TMC’nin bu girişimi, diğer hükümetler ve çevreciler tarafından büyük tepkiyle karşılandı. Greenpeace International’dan Louisa Casson, bu adımı “uluslararası hukuka ve bilimsel konsensüse tam bir saygısızlık” olarak nitelendirdi.

Trump yönetimi, derin deniz madenciliğini hızlandırmak için bir kararname imzalamış ve bu adımı Çin’in mineral tedarik zincirindeki hakimiyetine karşı bir önlem olarak savunmuştu. ABD, 1980 tarihli ABD Derin Deniz Sert Mineral Kaynakları Yasası ve Birleşmiş Milletler Deniz Hukuku Sözleşmesi’ni onaylamamış olması nedeniyle madencilik izni verme yetkisine sahip olduğunu iddia ediyor. Ancak Çin, bu kararnamenin uluslararası hukuku ihlal ettiğini ve uluslararası toplumun genel çıkarlarına zarar verdiğini belirtiyor.

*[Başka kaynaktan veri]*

(* After [theta + d] the model intensity is [S + l0]. *)
Lemma RInt_mK_after th : th + d <= tau ->
  RInt (mK th) (th + d) tau = ln (S + l0) * (Lam tau - Lam (th + d)).
Proof.
  intros H. unfold Lam.
  assert (E := RInt_Chasles_R ls 0 (th + d) tau (ex_RInt_ls _ _) (ex_RInt_ls _ _)).
  replace (RInt ls 0 tau - RInt ls 0 (th + d)) with (RInt ls (th + d) tau) by lra.
  rewrite <- RInt_scal_R by apply ex_RInt_ls. apply RInt_ext_R.
  intros x Hx. unfold mK, la, lam.
  rewrite psi_ge_delta by (destruct_minmax; lra). eq_in_R.
  rewrite Rmult_1_r. ring.
Qed.

Lemma is_derive_inner th w : is_derive (fun w => th + d * q w) w (d * dq w).
Proof.
  assert (H := is_derive_plus (fun _ => th) (fun w => d * q w) w 0 (d * dq w)
                 (is_derive_const th w) (is_derive_scal q w d (dq w) (is_derive_q w))).
  replace (d * dq w) with (plus 0 (d * dq w)) by (unfold plus; simpl; ring).
  exact H.
Qed.

Lemma continuous_inner th w : continuous (fun w => th + d * q w) w.
Proof. apply (ex_derive_continuous (fun w => th + d * q w)). eexists; apply is_derive_inner. Qed.

(* On the rising part [[theta, theta + d]] substitute [t = theta + d q(w)];
   then [la theta t = S w + l0]. *)
Lemma RInt_mK_rise_substitution th :
  RInt (mK th) th (th + d) =
  RInt (fun w => (d * dq w * ls (th + d * q w)) * ln (S * w + l0)) 0 1.
Proof.
  assert (Hc := is_RInt_comp (mK th) (fun w => th + d * q w) (fun w => d * dq w) 0 1).
  cbv beta in Hc. rewrite q_0, q_1, Rmult_0_r, Rplus_0_r, Rmult_1_r in Hc.
  rewrite <- (is_RInt_unique _ _ _ _ (Hc (fun x _ => continuous_mK th _)
             (fun x _ => conj (is_derive_inner th x)
                          (continuous_scal_r d dq x (continuous_dq x))))).
  apply RInt_ext_R. intros x Hx. rewrite Rmin_left, Rmax_right in Hx by lra.
  change (scal (d * dq x) ?z) with ((d * dq x) * z).
  unfold mK, la, lam. replace (th + d * q x - th) with (d * q x) by ring.
  rewrite psi_q by lra. ring.
Qed.

(* Integration by parts against [ln (S w + l0)] produces [I0]. *)
Lemma RInt_mK_rise th :
  RInt (mK th) th (th + d) = Lam (th + d) * ln (S + l0) - Lam th * ln l0 - I0 th.
Proof.
  rewrite RInt_mK_rise_substitution. unfold I0.
  rewrite (RInt_by_parts (fun w => Lam (th + d * q w)) (fun w => d * dq w * ls (th + d * q w))
             (fun w => ln (S * w + l0)) (fun w => S / (S * w + l0))); try lra.
  - eq_in_R. rewrite q_0, q_1, Rmult_0_r, Rplus_0_r, Rmult_1_r, Rmult_0_r, Rmult_1_r, Rplus_0_l.
    ring.
  - intros x _.
    apply (is_derive_comp Lam (fun w => th + d * q w)); [apply is_derive_Lam | apply is_derive_inner].
  - intros x Hx. assert (Hw := weight_pos x ltac:(lra)). auto_derive; [lra | field; lra].
  - intros x _. apply (continuous_mult (fun w => d * dq w) (fun w => ls (th + d * q w))).
    + exact (continuous_scal_r d dq x (continuous_dq x)).
    + apply (continuous_comp (fun w => th + d * q w) ls); [apply continuous_inner | apply continuous_ls].
  - intros x Hx. apply (continuous_inv_weight (fun _ => S)); [lra | apply continuous_const].
Qed.

Lemma RInt_mK th : 0 <= th -> th + d <= tau ->
  RInt (mK th) 0 tau = ln (S + l0) * Lam tau - I0 th.
Proof.
  intros H1 H2.
  rewrite <- (RInt_Chasles_R (mK th) 0 (th + d) tau), <- (RInt_Chasles_R (mK th) 0 th (th + d))
    by apply ex_RInt_mK.
  rewrite RInt_mK_before, RInt_mK_rise, RInt_mK_after by auto. eq_in_R. ring.
Qed.


Lemma RInt_la th : RInt (la th) 0 tau = l0 * tau + S * (Psi (tau - th) - Psi (- th)).
Proof.
  assert (Epsi : forall a b, ex_RInt (psi k d) a b)
    by (intros; apply ex_RInt_of_continuous; intros; apply continuous_psi).
  assert (Es : ex_RInt (fun t => psi k d (t + - th)) 0 tau).
  { apply ex_RInt_of_continuous. intros.
    apply (continuous_comp (fun t => t + - th) (psi k d)); [|apply continuous_psi].
    apply continuity_pt_filterlim, continuity_pt_plus; [apply continuity_pt_id | continuity_const]. }
  unfold la, lam.
  rewrite (RInt_plus_R (fun t => S * psi k d (t - th)) (fun _ => l0));
    [| apply ex_RInt_scal_R, Es | apply ex_RInt_const].
  rewrite (RInt_scal_R (fun t => psi k d (t - th))) by exact Es.
  rewrite RInt_const_R.
  change (fun t => psi k d (t - th)) with (fun t => psi k d (t + - th)).
  rewrite (RInt_translate (psi k d) 0 tau (- th)) by apply Epsi.
  assert (C := RInt_Chasles_R (psi k d) 0 (0 + - th) (tau + - th) (Epsi _ _) (Epsi _ _)).
  unfold Psi. rewrite Rplus_0_l in *. replace (tau - th) with (tau + - th) by ring.
  eq_in_R. rewrite <- C. ring.
Qed.

(* Both intensities equal [l0] before [min theta theta0], where the integrand
   vanishes: the divergence may be integrated from [0]. *)
Lemma J_KL_from_0 th : 0 <= th <= tau -> 0 <= th0 <= tau ->
  J_KL S h l0 k d tau th0 th = RInt (Jint th) 0 tau.
Proof.
  intros H1 H2. unfold J_KL.
  rewrite (RInt_ext_R _ (Jint th)) by (intros; apply J_KL_integrand).
  assert (EJ : forall a b, ex_RInt (Jint th) a b)
    by (intros; apply ex_RInt_of_continuous; intros; apply continuous_Jint).
  rewrite <- (RInt_Chasles_R (Jint th) 0 (Rmin th th0) tau) by apply EJ.
  rewrite (RInt_ext_R (Jint th) (fun _ => 0) 0), RInt_const_R.
  - rewrite Rmult_0_r, Rplus_0_l. reflexivity.
  - intros x Hx. rewrite Rmin_left, Rmax_right in Hx by (destruct_minmax; lra).
    unfold Jint, mK, la, ls, lam, lam_star.
    rewrite !psi_nonpos by (destruct_minmax; lra). rewrite !Rmult_0_r, !Rplus_0_l. ring.
Qed.

Lemma J_representation th : 0 <= th -> th + d <= tau -> 0 <= th0 <= tau ->
  J_KL S h l0 k d tau th0 th = C1 + S * (Psi (tau - th) - Psi (- th)) + I0 th.
Proof.
  intros H1 H2 H3. rewrite J_KL_from_0 by lra.
  assert (El : ex_RInt (la th) 0 tau)
    by (apply ex_RInt_of_continuous; intros; apply continuous_la).
  assert (Ell : ex_RInt (fun t => ls t * ln (ls t)) 0 tau).
  { apply ex_RInt_of_continuous. intros z _.
    apply (continuous_mult ls (fun t => ln (ls t))); [apply continuous_ls|].
    apply continuous_ln_comp; [apply continuous_ls | assert (P := ls_ge z); lra]. }
  assert (Ed1 : ex_RInt (fun t => la th t - ls t) 0 tau)
    by (apply ex_RInt_minus_R; [exact El | apply ex_RInt_ls]).
  assert (Ed2 : ex_RInt (fun t => la th t - ls t - mK th t) 0 tau)
    by (apply (ex_RInt_minus_R (fun t => la th t - ls t)); [exact Ed1 | apply ex_RInt_mK]).
  unfold Jint.
  rewrite (RInt_plus_R (fun t => la th t - ls t - mK th t)) by assumption.
  rewrite (RInt_minus_R (fun t => la th t - ls t)) by (assumption || apply ex_RInt_mK).
  rewrite (RInt_minus_R (la th)) by (assumption || apply ex_RInt_ls).
  rewrite RInt_mK, RInt_la by auto. unfold C1, Lam. eq_in_R. ring.
Qed.

Definition I0_integrand u t := Lam (u + d * q t) * (S / (S * t + l0)).

Lemma is_derive_I0_integrand u t :
  is_derive (fun z => I0_integrand z t) u (ls (u + d * q t) * (S / (S * t + l0))).
Proof.
  unfold I0_integrand.
  apply (is_derive_scal_l (fun z => Lam (z + d * q t)) u _ (S / (S * t + l0))).
  replace (ls (u + d * q t)) with (1 * ls (u + d * q t)) by ring.
  apply (is_derive_comp Lam (fun z => z + d * q t)); [apply is_derive_Lam|].
  auto_derive; auto.
Qed.

Lemma Derive_I0_integrand u t :
  Derive (fun z => I0_integrand z t) u = ls (u + d * q t) * (S / (S * t + l0)).
Proof. apply is_derive_unique, is_derive_I0_integrand. Qed.

Lemma continuity_2d_second (f : R -> R) x y :
  continuity_pt f y -> continuity_2d_pt (fun _ v => f v) x y.
Proof.
  intros H. apply (continuity_1d_2d_pt_comp f (fun _ v => v)); auto.
  apply continuity_2d_pt_id2.
Qed.

Lemma is_derive_I0 th :
  is_derive I0 th (RInt (fun w => ls (th + d * q w) * (S / (S * w + l0))) 0 1).
Proof.
  rewrite <- (RInt_ext_R (fun t => Derive (fun u => I0_integrand u t) th))
    by (intros; apply Derive_I0_integrand).
  apply (is_derive_RInt_param I0_integrand 0 1 th).
  - exists (mkposreal 1 Rlt_0_1). intros y _ t _.
    eexists. apply is_derive_I0_integrand.
  - intros t Ht. rewrite Rmin_left, Rmax_right in Ht by lra.
    apply (continuity_2d_pt_ext (fun u v => ls (u + d * q v) * (S / (S * v + l0))));
      [intros; rewrite Derive_I0_integrand; reflexivity|].
    apply continuity_2d_pt_mult.
    + apply (continuity_1d_2d_pt_comp ls (fun u v => u + d * q v));
        [apply continuity_pt_filterlim, continuous_ls|].
      apply continuity_2d_pt_plus; [apply continuity_2d_pt_id1|].
      apply (continuity_2d_second (fun v => d * q v)), continuity_pt_mult;
        [continuity_const | apply continuity_pt_filterlim, continuous_q].
    + apply (continuity_2d_second (fun v => S / (S * v + l0))), continuity_pt_filterlim.
      apply (continuous_inv_weight (fun _ => S)); [lra | apply continuous_const].
  - exists (mkposreal 1 Rlt_0_1). intros y _. apply ex_RInt_of_continuous.
    intros z Hz. rewrite Rmin_left, Rmax_right in Hz by lra.
    apply (continuous_mult (fun w => Lam (y + d * q w)) (fun w => S / (S * w + l0))).
    + apply (continuous_comp (fun w => y + d * q w) Lam);
        [apply continuous_inner | apply continuous_Lam].
    + apply (continuous_inv_weight (fun _ => S)); [lra | apply continuous_const].
Qed.
Lemma curve_ideal_by_normal_forms (k : fieldType) (w : 'I_4 -> nat)
    (s : seq {mpoly k[4]}) (NF : pred 'X_{1..4}) :
  {in s, forall x, curve_map w x = 0} -> {in NF &, injective (wdeg w)} ->
  normal_forms s NF -> same_ideal (curve_ideal w) (gen_ideal s).
Proof.
move=> kill_s inj nf p; split => [p0|]; last exact: rmorph_gen_ideal kill_s.
have [r [supp_r p_r]] := nf p.
suff r0 : r = 0 by move: p_r; rewrite r0 subr0.
apply: (curve_map_inj_on supp_r inj).
by rewrite -[r](subKr p) rmorphB /= p0 (rmorph_gen_ideal kill_s p_r) subr0.
Qed.

Definition mono4 (a b c e : nat) : 'X_{1..4} :=
  [multinom nth 0%N [:: a; b; c; e] i | i < 4].

Lemma mono4E (a b c e : nat) (i : 'I_4) : mono4 a b c e i = nth 0%N [:: a; b; c; e] i.
Proof. exact: mnmE. Qed.

Lemma mono4_eta (mo : 'X_{1..4}) : mo = mono4 (mo 0) (mo 1) (mo 2) (mo 3).
Proof.
by apply/mnmP => -[[|[|[|[|i]]]] lt_i4] //; rewrite mono4E //=; congr (mo _); apply: val_inj.
Qed.

Lemma mono4_inj (a b c e a' b' c' e' : nat) :
  mono4 a b c e = mono4 a' b' c' e' -> [/\ a = a', b = b', c = c' & e = e'].
Proof.
by move=> /mnmP eq_mono; move: (eq_mono 0) (eq_mono 1) (eq_mono 2) (eq_mono 3); rewrite !mono4E.
Qed.

Lemma mono4D (a b c e a' b' c' e' : nat) :
  (mono4 a b c e + mono4 a' b' c' e')%MM = mono4 (a + a') (b + b') (c + c') (e + e').
Proof. by apply/mnmP => -[[|[|[|[|i]]]] lt_i4] //; rewrite mnmDE !mono4E. Qed.

Lemma mono4Mn (a b c e t : nat) :
  (mono4 a b c e *+ t)%MM = mono4 (a * t) (b * t) (c * t) (e * t).
Proof. by apply/mnmP => -[[|[|[|[|i]]]] lt_i4] //; rewrite mulmnE !mono4E. Qed.

Lemma U_mono4 (i : 'I_4) :
  U_(i)%MM = mono4 (i == 0 :> nat) (i == 1 :> nat) (i == 2 :> nat) (i == 3 :> nat).
Proof.
apply/mnmP => j; rewrite mnm1E mono4E.
by case: i j => [[|[|[|[|i]]]] lt_i4] [[|[|[|[|j]]]] lt_j4].
Qed.

Lemma mono4_neq0 (a b c e : nat) : (0 < a + b + c + e)%N -> mono4 a b c e != 0%MM.
Proof.
move=> pos; apply/eqP => /mnmP eq0; move: (eq0 0) (eq0 1) (eq0 2) (eq0 3).
rewrite !mono4E !mnm0E /=; lia.
Qed.

(* Unfolding sums over 'I_4 produces lifted ordinals, renamed here. *)
Lemma ord4_lifts :
  [/\ ord0 = 0 :> 'I_4, lift ord0 ord0 = 1 :> 'I_4,
      lift ord0 (lift ord0 ord0) = 2 :> 'I_4
    & lift ord0 (lift ord0 (lift ord0 ord0)) = 3 :> 'I_4].
Proof. by split; apply: val_inj. Qed.

Lemma mexp4 (n : nat) (e : 'I_4 -> 'X_{1..n}) (mo : 'X_{1..4}) :
  mexp e mo = (e 0%R *+ mo 0%R + e 1%R *+ mo 1%R + e 2%R *+ mo 2%R + e 3%R *+ mo 3%R)%MM.
Proof.
case: ord4_lifts => o0 o1 o2 o3.
by rewrite /mexp !big_ord_recl big_ord0 addm0 !addmA o3 o2 o1 o0.
Qed.

Lemma wdeg4 (w : 'I_4 -> nat) (mo : 'X_{1..4}) :
  wdeg w mo = (w 0%R * mo 0%R + w 1%R * mo 1%R + w 2%R * mo 2%R + w 3%R * mo 3%R)%N.
Proof.
case: ord4_lifts => o0 o1 o2 o3.
by rewrite /wdeg !big_ord_recl big_ord0 addn0 !addnA o3 o2 o1 o0.
Qed.

Section Generators.
Variables (k : fieldType) (m d : nat).

Definition g1 : {mpoly k[4]} := binom k (mono4 0 0 2 0) (mono4 2 0 0 1).
Definition g2 : {mpoly k[4]} := binom k (mono4 0 3 0 0) (mono4 3 0 1 0).
Definition g3 : {mpoly k[4]} := binom k (mono4 (4 * m + d) 0 0 0) (mono4 0 0 0 m).

Lemma f1_binom : x3 ^+ 2 - x1 ^+ 2 * x4 = g1.
Proof. by rewrite /x1 /x3 /x4 !mpolyXn -mpolyXD !U_mono4 !mono4Mn mono4D. Qed.

Lemma f2_binom : x2 ^+ 3 - x1 ^+ 3 * x3 = g2.
Proof. by rewrite /x1 /x2 /x3 !mpolyXn -mpolyXD !U_mono4 !mono4Mn mono4D. Qed.

Lemma f3_binom : x1 ^+ (4 * m + d) - x4 ^+ m = g3.
Proof. by rewrite /x1 /x4 !mpolyXn !U_mono4 !mono4Mn /= !mul0n !mul1n. Qed.

Lemma g1_reduction : g1 = binom k (U_(2) *+ 2) (mono4 2 0 0 1).
Proof. by rewrite U_mono4 mono4Mn. Qed.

**Derin Deniz Madenciliğinin Riskleri ve Alternatifler**

Bilim insanları ve çevreciler, okyanusların derinlikleri hakkında yeterli bilgiye sahip olunmadığını ve madenciliğin deniz yaşamı ve kıyı toplulukları üzerindeki etkilerinin tam olarak anlaşılamadığını vurguluyor. Dünya deniz tabanının yüzeyinin Ay’dan bile daha az haritalandırıldığı belirtiliyor.

Bu endişelere rağmen TMC, derin deniz madenciliğinin karasal madenciliğe göre daha az zararlı olduğunu savunuyor. Şirket, Clarion Clipperton Bölgesi’nden milyonlarca ton nikel, bakır, kobalt ve manganez elde edebileceğine inanıyor.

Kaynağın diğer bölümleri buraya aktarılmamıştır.